Uganda’s debt hits Shs41 trillion

Finance minister Matia Kasaija on Tuesday appeared before the House to brief them on the state of Country’s debt today. (FILE PHOTO)

KAMPALA- The Ministry of Finance tabled before Parliament a statement on the State of Uganda’s Indebtedness on Tuesday evening.

The statement revealed that in June, Uganda’s total public debt stock which comprises both domestic and external has now hit the USD10.7billion equivalent to Shs41.326.1Trn.

In the statement presented by David Bahati, State Minister of Planning, he indicated that out of the debt, the external debt Disbursed and outstanding (DOD) accounts for 67.2% (USD 7.2bn which is equivalent to Shs27,939.9Trn while domestic debt contributes 32.4% (USD 3.5bn or Shs13,386.2Trn.

The statement further highlights that the Present Value (PV) of public debt to GDP increased from 27.4% as at end June 2017 to 30.8% in June 2018.

On the Creditor composition, the Ministry argued that a greater share of Uganda’s debt disbursed and outstanding is sourced from multilateral creditors like World Bank, African Development Bank, Islamic Development Bank and it accounts for 68.2% whereas bilateral creditors Japan, France, etc accounts for 31.1% and commercial banks contributes 0.7% of the total external debt portfolio at the end of June 2018.

Yet still, the share of Treasury Bills to Treasury Bonds has improved to a ratio of 26:74 in June 2018 from a ratio of 31:69 in June 2016, achieving the target share of T-Bills to T-Bonds of 30:70 under the 2013-2018 Public Debt Management Framework.

In terms of Currency composition, 92% of Uganda’s stock of external debt is in four major currencies including; USD, Chinese Yuan, Japanese Yen, and Euros while domestic debt, on the other hand, is all in denominated in Uganda Shillings.

In terms of off Debt disbursements by Sector,  the four largest biggest beneficiaries of debt financing by sector are; Energy, Works, Agriculture, which sectors he said are consistent with the government strategy to reduce the cost of doing business, develop infrastructure to boost growth, energy for support industrial development.

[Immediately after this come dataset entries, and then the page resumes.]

(* In the two-user two-hop MAC described in the context, for every feasible $\mathbf B$ with $\mathbf B\mathbf h_1\neq0$ there exists a feasible $\mathbf B'$ such that $\mathbf B'\mathbf h_1$ is a nonzero vector in $\mathrm{span}\{\mathbf h_{01},\mathbf h_{02}\}$ and $\mathcal R^{out}_1(\mathbf B)\subseteq\mathcal R^{out}_1(\mathbf B')$. Consequently, to obtain the first outer bound $\bigcup_{\mathbf B}\mathcal R^{out}_1(\mathbf B)$ it suffices to take amplification vectors $\mathbf x=\mathbf B\mathbf h_1$ in $\mathrm{span}\{\mathbf h_{01},\mathbf h_{02}\}$.
   Context: Two sources $S_1,S_2$ with Gaussian inputs of powers $P_{S_1},P_{S_2}>0$, $n$ relays, one destination. Relay $k$ receives $y_k=h_{S_1,k}x_{S_1}+h_{S_2,k}x_{S_2}+z_k$ and sends $\beta_k y_k$; $\mathbf h_{0i}=(h_{S_i,k})_k$, $\mathbf h_1=(h_{k,D})_k$ have positive entries, $\mathbf B=\mathrm{diag}(\beta_1,\dots,\beta_n)$ with real gains, noises i.i.d. $\mathcal N(0,1)$. $\mathbf B$ is feasible if $|\beta_k|\le\beta_k^{Up}:=\sqrt{P_k^{Up}/(1+h_{S_1,k}^2P_{S_1}+h_{S_2,k}^2P_{S_2})}$ for all $k$. Let $\mathcal C(x)=\frac12\log_2(1+x)$, $\mathbf A=P_{S_1}\mathbf h_{01}\mathbf h_{01}^T+P_{S_2}\mathbf h_{02}\mathbf h_{02}^T$. For $\mathbf B\mathbf h_1\neq0$, $\mathcal R^{out}_1(\mathbf B)$ is the set of $(R_1,R_2)\ge0$ with $R_1\le\mathcal C\big((\mathbf h_1^T\mathbf B\mathbf h_{01})^2P_{S_1}/\mathbf h_1^T\mathbf B^2\mathbf h_1\big)$, $R_2\le\mathcal C\big((\mathbf h_1^T\mathbf B\mathbf h_{02})^2P_{S_2}/\mathbf h_1^T\mathbf B^2\mathbf h_1\big)$, $R_1+R_2\le\mathcal C\big(\mathbf h_1^T\mathbf B\mathbf A\mathbf B\mathbf h_1/\mathbf h_1^T\mathbf B^2\mathbf h_1\big)$. *)

From mathcomp Require Import all_boot all_order all_algebra.
From mathcomp Require Import all_classical all_reals all_analysis.
Set Implicit Arguments. Unset Strict Implicit. Unset Printing Implicit Defensive.
Import Order.TTheory GRing.Theory Num.Theory.
Local Open Scope ring_scope.

Section TwoHop.
Variables (R : realType) (n : nat).

Definition Cfun (x : R) : R := ln (1 + x) / (2 * ln 2).

Definition Bmx (beta : 'cV[R]_n) : 'M[R]_n := diag_mx beta^T.

Definition sc (M : 'M[R]_1) : R := M 0 0.

Definition beta_up (PS1 PS2 : R) (Pup h01 h02 : 'cV[R]_n) (k : 'I_n) : R :=
  Num.sqrt (Pup k 0 / (1 + (h01 k 0)^+2 * PS1 + (h02 k 0)^+2 * PS2)).

Definition feasible (PS1 PS2 : R) (Pup h01 h02 : 'cV[R]_n) (beta : 'cV[R]_n) :=
  forall k : 'I_n, `|beta k 0| <= beta_up PS1 PS2 Pup h01 h02 k.

Definition Amx (PS1 PS2 : R) (h01 h02 : 'cV[R]_n) : 'M[R]_n :=
  PS1 *: (h01 *m h01^T) + PS2 *: (h02 *m h02^T).

(* R^out_1(B), meaningful when B h1 <> 0 *)
Definition Rout1 (PS1 PS2 : R) (h01 h02 h1 : 'cV[R]_n) (beta : 'cV[R]_n)
  (R1 R2 : R) : Prop :=
  let B := Bmx beta in
  let den := sc (h1^T *m B *m B *m h1) in
  [/\ 0 <= R1, 0 <= R2,
      R1 <= Cfun ((sc (h1^T *m B *m h01))^+2 * PS1 / den),
      R2 <= Cfun ((sc (h1^T *m B *m h02))^+2 * PS2 / den) &
      R1 + R2 <= Cfun (sc (h1^T *m B *m Amx PS1 PS2 h01 h02 *m B *m h1) / den)].

Definition in_span2 (x h01 h02 : 'cV[R]_n) : Prop :=
  exists a b : R, x = a *: h01 + b *: h02.

End TwoHop.

From mathcomp Require Import all_boot all_order all_algebra.
From mathcomp Require Import all_classical all_reals all_analysis.
From mathcomp Require Import ring lra.
Set Implicit Arguments. Unset Strict Implicit. Unset Printing Implicit Defensive.
Import Order.TTheory GRing.Theory Num.Theory.
Local Open Scope ring_scope.

(* The region R^out_1(B) depends on x = B h1 only through the two gains
   (x . h0i)^2 / |x|^2, which are invariant under rescaling x.  Replacing x by its
   orthogonal projection y onto span{h01, h02} keeps the inner products x . h0i
   and does not increase |x|, so both gains (and with them the region) can only
   grow; if y = 0 both gains of x vanish and any nonzero vector of the span will
   do.  Since h1 has positive entries, every direction y is realised as B' h1 for
   a diagonal B', and shrinking B' by a positive factor makes it feasible. *)

Section InnerProduct.
Variables (R : realFieldType) (n : nat).
Implicit Types (u v x y r : 'cV[R]_n) (a : R).

Definition dot u v : R := \sum_i u i 0 * v i 0.

Lemma dotC u v : dot u v = dot v u.
Proof. by apply: eq_bigr => i _; rewrite mulrC. Qed.

Lemma dotDl u v x : dot (u + v) x = dot u x + dot v x.
Proof. by rewrite /dot -big_split; apply: eq_bigr => i _; rewrite !mxE mulrDl. Qed.

Lemma dotBl u v x : dot (u - v) x = dot u x - dot v x.
Proof. by rewrite /dot -sumrB; apply: eq_bigr => i _; rewrite !mxE mulrBl. Qed.

Lemma dotZl a u v : dot (a *: u) v = a * dot u v.
Proof. by rewrite /dot mulr_sumr; apply: eq_bigr => i _; rewrite !mxE mulrA. Qed.

Lemma dotDr u v x : dot x (u + v) = dot x u + dot x v.
Proof. by rewrite dotC dotDl !(dotC x). Qed.

Lemma dotBr u v x : dot x (u - v) = dot x u - dot x v.
Proof. by rewrite dotC dotBl !(dotC x). Qed.

Lemma dotZr a u v : dot v (a *: u) = a * dot v u.
Proof. by rewrite dotC dotZl dotC. Qed.

Lemma dot0r u : dot u 0 = 0.
Proof. by rewrite /dot big1 // => i _; rewrite mxE mulr0. Qed.

Lemma dot_ge0 u : 0 <= dot u u.
Proof. by apply: sumr_ge0 => i _; rewrite -expr2 sqr_ge0. Qed.

Lemma dot_eq0 u : (dot u u == 0) = (u == 0).
Proof.
apply/idP/eqP => [|->]; last by rewrite dot0r.
rewrite psumr_eq0 => [/allP u0|i _]; last by rewrite -expr2 sqr_ge0.
apply/matrixP => i j; rewrite (ord1 j) mxE.
by have := u0 i (mem_index_enum i); rewrite -expr2 sqrf_eq0 => /eqP.
Qed.

Lemma dot_gt0 u : (0 < dot u u) = (u != 0).
Proof. by rewrite lt_def dot_ge0 dot_eq0 andbT. Qed.

Lemma dot_span2_orth r u v a b :
  dot r u = 0 -> dot r v = 0 -> dot r (a *: u + b *: v) = 0.
Proof. by move=> ru rv; rewrite dotDr !dotZr ru rv !mulr0 addr0. Qed.

Lemma dot_le_orth x y : dot (x - y) y = 0 -> dot y y <= dot x x.
Proof.
move=> orth; have yx : dot y x = dot y y.
  by apply/eqP; rewrite -subr_eq0 (dotC y x) -dotBl orth.
by have := dot_ge0 (x - y); rewrite dotBr orth subr0 dotBl yx subr_ge0.
Qed.

Definition proj_line u x : 'cV[R]_n := (dot x u / dot u u) *: u.

Lemma proj_line_orth u x : dot (x - proj_line u x) u = 0.
Proof.
rewrite dotBl dotZl; have [/eqP|uu] := eqVneq (dot u u) 0.
  by rewrite dot_eq0 => /eqP->; rewrite !dot0r mulr0 subrr.
by rewrite divfK // subrr.
Qed.

Definition proj_plane u v x : 'cV[R]_n :=
  proj_line u x + proj_line (v - proj_line u v) x.

Lemma proj_plane_in_span2 u v x :
  exists a b, proj_plane u v x = a *: u + b *: v.
Proof.
rewrite /proj_plane /proj_line; set a := _ / _; set b := _ / _; set c := _ / _.
exists (a - b * c), b.
by rewrite scalerBr scalerA scalerBl addrA addrAC.
Qed.

Lemma proj_plane_orth u v x :
  dot (x - proj_plane u v x) u = 0 /\ dot (x - proj_plane u v x) v = 0.
Proof.
set e := v - proj_line u v; set r := x - proj_plane u v x.
have eu : dot e u = 0 by apply: proj_line_orth.
have ru : dot r u = 0.
  by rewrite /r /proj_plane opprD addrA dotBl proj_line_orth dotZl eu mulr0 subr0.
have re : dot r e = 0.
  rewrite /r /proj_plane opprD addrA addrAC dotBl -/e proj_line_orth.
  by rewrite dotZl (dotC u e) eu mulr0 subr0.
split=> //; rewrite -[v](subrK (proj_line u v)) -/e -[e]scale1r addrC.
exact: dot_span2_orth.
Qed.

Definition gain h x : R := dot x h ^+ 2 / dot x x.

Lemma gain_ge0 h x : 0 <= gain h x.
Proof. by rewrite divr_ge0 ?sqr_ge0 ?dot_ge0. Qed.

Lemma gainZ a h x : a != 0 -> gain h (a *: x) = gain h x.
Proof.
move=> a0; rewrite /gain !dotZl dotZr.
have [xx|xx] := eqVneq (dot x x) 0; first by rewrite xx !mulr0 !invr0 !mulr0.
by field; rewrite xx a0.
Qed.

Lemma gain_le h x y :
  dot y h = dot x h -> 0 < dot y y -> dot y y <= dot x x -> gain h x <= gain h y.
Proof.
move=> xyh yy yx; rewrite /gain xyh ler_wpM2l ?sqr_ge0 //.
by rewrite lef_pV2 ?posrE // (lt_le_trans yy yx).
Qed.

Lemma exists_span2_gain_ge u v x : u != 0 ->
  exists y, [/\ y != 0, exists a b, y = a *: u + b *: v,
              gain u x <= gain u y & gain v x <= gain v y].
Proof.
move=> u0; have [ru rv] := proj_plane_orth u v x.
have ru' : dot (proj_plane u v x) u = dot x u.
  by apply/esym/eqP; rewrite -subr_eq0 -dotBl ru.
have rv' : dot (proj_plane u v x) v = dot x v.
  by apply/esym/eqP; rewrite -subr_eq0 -dotBl rv.
have [y0|y0] := eqVneq (proj_plane u v x) 0.
  exists u; split=> //; first by exists 1, 0; rewrite scale1r scale0r addr0.
    by rewrite /gain -ru' y0 dotC dot0r expr0n mul0r gain_ge0.
  by rewrite /gain -rv' y0 dotC dot0r expr0n mul0r gain_ge0.
have yy : 0 < dot (proj_plane u v x) (proj_plane u v x) by rewrite dot_gt0.
have yx : dot (proj_plane u v x) (proj_plane u v x) <= dot x x.
  have [a [b yE]] := proj_plane_in_span2 u v x.
  by apply: dot_le_orth; rewrite {2}yE; apply: dot_span2_orth.
exists (proj_plane u v x); split=> //; first exact: proj_plane_in_span2.
  exact: gain_le.
exact: gain_le.
Qed.

Lemma exists_scale_le (c b : 'I_n -> R) :
  (forall k, 0 < b k) -> exists2 t, 0 < t & forall k, t * `|c k| <= b k.
Proof.
move=> b0; pose S := \sum_k `|c k| / b k.
have S0 : 0 <= S by apply: sumr_ge0 => k _; rewrite divr_ge0 // ltW.
exists (1 + S)^-1; first by rewrite invr_gt0; lra.
move=> k; rewrite mulrC ler_pdivrMr; last by lra.
have : `|c k| / b k <= S.
  by rewrite /S (bigD1 k) //= lerDl sumr_ge0 // => i _; rewrite divr_ge0 // ltW.
by rewrite ler_pdivrMr // => ck; have := b0 k; nra.
Qed.

End InnerProduct.

Section TwoHopMAC.
Variables (R : realType) (n : nat) (PS1 PS2 : R) (Pup h01 h02 h1 : 'cV[R]_n).
Hypotheses (PS1_gt0 : 0 < PS1) (PS2_gt0 : 0 < PS2).
Hypotheses (h01_gt0 : forall k, 0 < h01 k 0) (h1_gt0 : forall k, 0 < h1 k 0).
Hypothesis Pup_gt0 : forall k, 0 < Pup k 0.

Lemma ler_Cfun (a b : R) : 0 <= a -> a <= b -> Cfun a <= Cfun b.
Proof.
move=> a0 ab; rewrite /Cfun ler_wpM2r //.
  by rewrite invr_ge0 mulr_ge0 // ltW // ln_gt0 //; lra.
by rewrite ler_ln ?posrE; lra.
Qed.

Definition mac_region (g1 g2 R1 R2 : R) : Prop :=
  [/\ 0 <= R1, 0 <= R2, R1 <= Cfun (PS1 * g1), R2 <= Cfun (PS2 * g2) &
      R1 + R2 <= Cfun (PS1 * g1 + PS2 * g2)].

Lemma mac_region_mono g1 g2 g1' g2' R1 R2 :
  0 <= g1 -> 0 <= g2 -> g1 <= g1' -> g2 <= g2' ->
  mac_region g1 g2 R1 R2 -> mac_region g1' g2' R1 R2.
Proof.
move=> g10 g20 g11 g22 [R10 R20 r1 r2 r12].
have P1g1 : 0 <= PS1 * g1 by rewrite mulr_ge0 // ltW.
have P2g2 : 0 <= PS2 * g2 by rewrite mulr_ge0 // ltW.
split=> //.
- by apply: (le_trans r1); apply: ler_Cfun; rewrite // ler_pM2l.
- by apply: (le_trans r2); apply: ler_Cfun; rewrite // ler_pM2l.
- apply: (le_trans r12); apply: ler_Cfun; first exact: addr_ge0.
  by rewrite lerD // ler_pM2l.
Qed.

Lemma sc_mul (M N : 'M[R]_1) : sc (M *m N) = sc M * sc N.
Proof. by rewrite /sc mxE big_ord1. Qed.

Lemma scD (M N : 'M[R]_1) : sc (M + N) = sc M + sc N.
Proof. by rewrite /sc mxE. Qed.

Lemma scZ a (M : 'M[R]_1) : sc (a *: M) = a * sc M.
Proof. by rewrite /sc mxE. Qed.

Lemma sc_trmx_mul (u v : 'cV[R]_n) : sc (u^T *m v) = dot u v.
Proof. by rewrite /sc !mxE; apply: eq_bigr => i _; rewrite mxE. Qed.

Lemma sc_Amx (x : 'cV[R]_n) :
  sc (x^T *m Amx PS1 PS2 h01 h02 *m x) = PS1 * dot x h01 ^+ 2 + PS2 * dot x h02 ^+ 2.
Proof.
have quad a h : sc (x^T *m (a *: (h *m h^T)) *m x) = a * dot x h ^+ 2.
  rewrite -scalemxAr -scalemxAl scZ (mulmxA x^T h) -(mulmxA (x^T *m h)) sc_mul.
  by rewrite !sc_trmx_mul (dotC h) expr2.
by rewrite /Amx mulmxDr mulmxDl scD !quad.
Qed.

Lemma Rout1E beta R1 R2 :
  Rout1 PS1 PS2 h01 h02 h1 beta R1 R2 <->
  mac_region (gain h01 (Bmx beta *m h1)) (gain h02 (Bmx beta *m h1)) R1 R2.
Proof.
set x := Bmx beta *m h1.
have hB : h1^T *m Bmx beta = x^T by rewrite trmx_mul /Bmx tr_diag_mx.
have xv v : sc (h1^T *m Bmx beta *m v) = dot x v by rewrite hB sc_trmx_mul.
have xx : sc (h1^T *m Bmx beta *m Bmx beta *m h1) = dot x x by rewrite -mulmxA xv.
have xAx : sc (h1^T *m Bmx beta *m Amx PS1 PS2 h01 h02 *m Bmx beta *m h1) =
           PS1 * dot x h01 ^+ 2 + PS2 * dot x h02 ^+ 2.
  by rewrite -sc_Amx hB -!mulmxA.
have snr a P : a ^+ 2 * P / dot x x = P * (a ^+ 2 / dot x x).
  by rewrite mulrAC mulrC.
have sum a b : (PS1 * a + PS2 * b) / dot x x = PS1 * (a / dot x x) + PS2 * (b / dot x x).
  by rewrite mulrDl !mulrA.
by rewrite /Rout1 /mac_region /gain /= xx xAx !xv sum !snr.
Qed.

Lemma Bmx_mulE (beta h : 'cV[R]_n) : Bmx beta *m h = \col_k (beta k 0 * h k 0).
Proof. by apply/matrixP => i j; rewrite (ord1 j) /Bmx mul_diag_mx !mxE. Qed.

Lemma beta_up_gt0 k : 0 < beta_up PS1 PS2 Pup h01 h02 k.
Proof.
rewrite sqrtr_gt0 divr_gt0 //.
have := mulr_ge0 (sqr_ge0 (h01 k 0)) (ltW PS1_gt0).
have := mulr_ge0 (sqr_ge0 (h02 k 0)) (ltW PS2_gt0); lra.
Qed.

Lemma exists_feasible_realization (y : 'cV[R]_n) :
  exists2 beta, feasible PS1 PS2 Pup h01 h02 beta &
                exists2 t, 0 < t & Bmx beta *m h1 = t *: y.
Proof.
pose c k := y k 0 / h1 k 0.
have [t t0 tc] := exists_scale_le c beta_up_gt0.
exists (t *: \col_k c k).
  by move=> k; rewrite !mxE normrM gtr0_norm.
exists t => //; apply/matrixP => i j; rewrite (ord1 j) Bmx_mulE !mxE /c.
by rewrite -mulrA divfK ?gt_eqF.
Qed.

Lemma exists_span2_amplification beta : Bmx beta *m h1 != 0 ->
  exists beta' : 'cV[R]_n,
    [/\ feasible PS1 PS2 Pup h01 h02 beta', Bmx beta' *m h1 != 0,
        in_span2 (Bmx beta' *m h1) h01 h02 &
        forall R1 R2 : R, Rout1 PS1 PS2 h01 h02 h1 beta R1 R2 ->
                          Rout1 PS1 PS2 h01 h02 h1 beta' R1 R2].
Proof.
move=> x0; have [i0 [j _]] := matrix0Pn _ x0.
have h01_neq0 : h01 != 0 by apply/matrix0Pn; exists i0, 0; rewrite gt_eqF.
have [y [y0 yspan g1 g2]] := exists_span2_gain_ge h02 (Bmx beta *m h1) h01_neq0.
have [beta' feas [t t0 eB]] := exists_feasible_realization y.
exists beta'; rewrite eB; split=> //.
- by rewrite scaler_eq0 negb_or gt_eqF.
- by case: yspan => a [b ->]; exists (t * a), (t * b); rewrite scalerDr !scalerA.
move=> R1 R2; rewrite !Rout1E eB !gainZ ?gt_eqF //.
by apply: mac_region_mono => //; apply: gain_ge0.
Qed.

End TwoHopMAC.

Theorem lemma2 (R : realType) (n : nat) (PS1 PS2 : R)
  (Pup h01 h02 h1 : 'cV[R]_n) :
  0 < PS1 -> 0 < PS2 ->
  (forall k, 0 < h01 k 0) -> (forall k, 0 < h02 k 0) -> (forall k, 0 < h1 k 0) ->
  (forall k, 0 < Pup k 0) ->
  (forall beta : 'cV[R]_n,
     feasible PS1 PS2 Pup h01 h02 beta -> Bmx beta *m h1 != 0 ->
     exists beta' : 'cV[R]_n,
       [/\ feasible PS1 PS2 Pup h01 h02 beta',
           Bmx beta' *m h1 != 0,
           in_span2 (Bmx beta' *m h1) h01 h02 &
           forall R1 R2 : R, Rout1 PS1 PS2 h01 h02 h1 beta R1 R2 ->
                             Rout1 PS1 PS2 h01 h02 h1 beta' R1 R2])
  /\
  (forall R1 R2 : R,
     (exists beta, [/\ feasible PS1 PS2 Pup h01 h02 beta, Bmx beta *m h1 != 0 &
                       Rout1 PS1 PS2 h01 h02 h1 beta R1 R2]) <->
     (exists beta, [/\ feasible PS1 PS2 Pup h01 h02 beta, Bmx beta *m h1 != 0,
                       in_span2 (Bmx beta *m h1) h01 h02 &
                       Rout1 PS1 PS2 h01 h02 h1 beta R1 R2])).
Proof.
move=> PS1_gt0 PS2_gt0 h01_gt0 h02_gt0 h1_gt0 Pup_gt0.
have reduce := exists_span2_amplification h02 PS1_gt0 PS2_gt0 h01_gt0 h1_gt0 Pup_gt0.
split=> [beta _|R1 R2]; first exact: reduce.
split=> [[beta [_ x0 inR]]|[beta [feas x0 _ inR]]]; last by exists beta.
have [beta' [feas' x0' span' sub]] := reduce beta x0.
by exists beta'; split=> //; apply: sub.
Qed.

The ministry further analysed the public trend of Uganda’s public debt and its sustainability which indicated that over the last ten years, the stock of public debt has steadily grown from USD 2.9bn in 2006/2007 when the country benefited from the Multilateral Debt Relief Initiative (MDRI), to USD 10.7bn as at June 2018.

The Ministry defended the growth stating that this is due to the increase of USD7.8Billion with Bahati stating, “Over the last 10 years, the government budget priorities have grown, which has necessitated an increase in the level of government debt since our tax revenue effort has remained stagnate, it has left no option for the government to finance its programme in order to achieve its objectives as set out in the national development plans and the NRM manifesto other than by debt.”

The Minister further argued that Uganda’s public debt stood at 38.6% of GDP in March 2018, and it is likely to raise slightly as we incur more debt to finance government infrastructure priorities. We are committed to ensuring that debt does not exceed the 50% threshold that we agreed under the East African Monetary Union convergence criteria.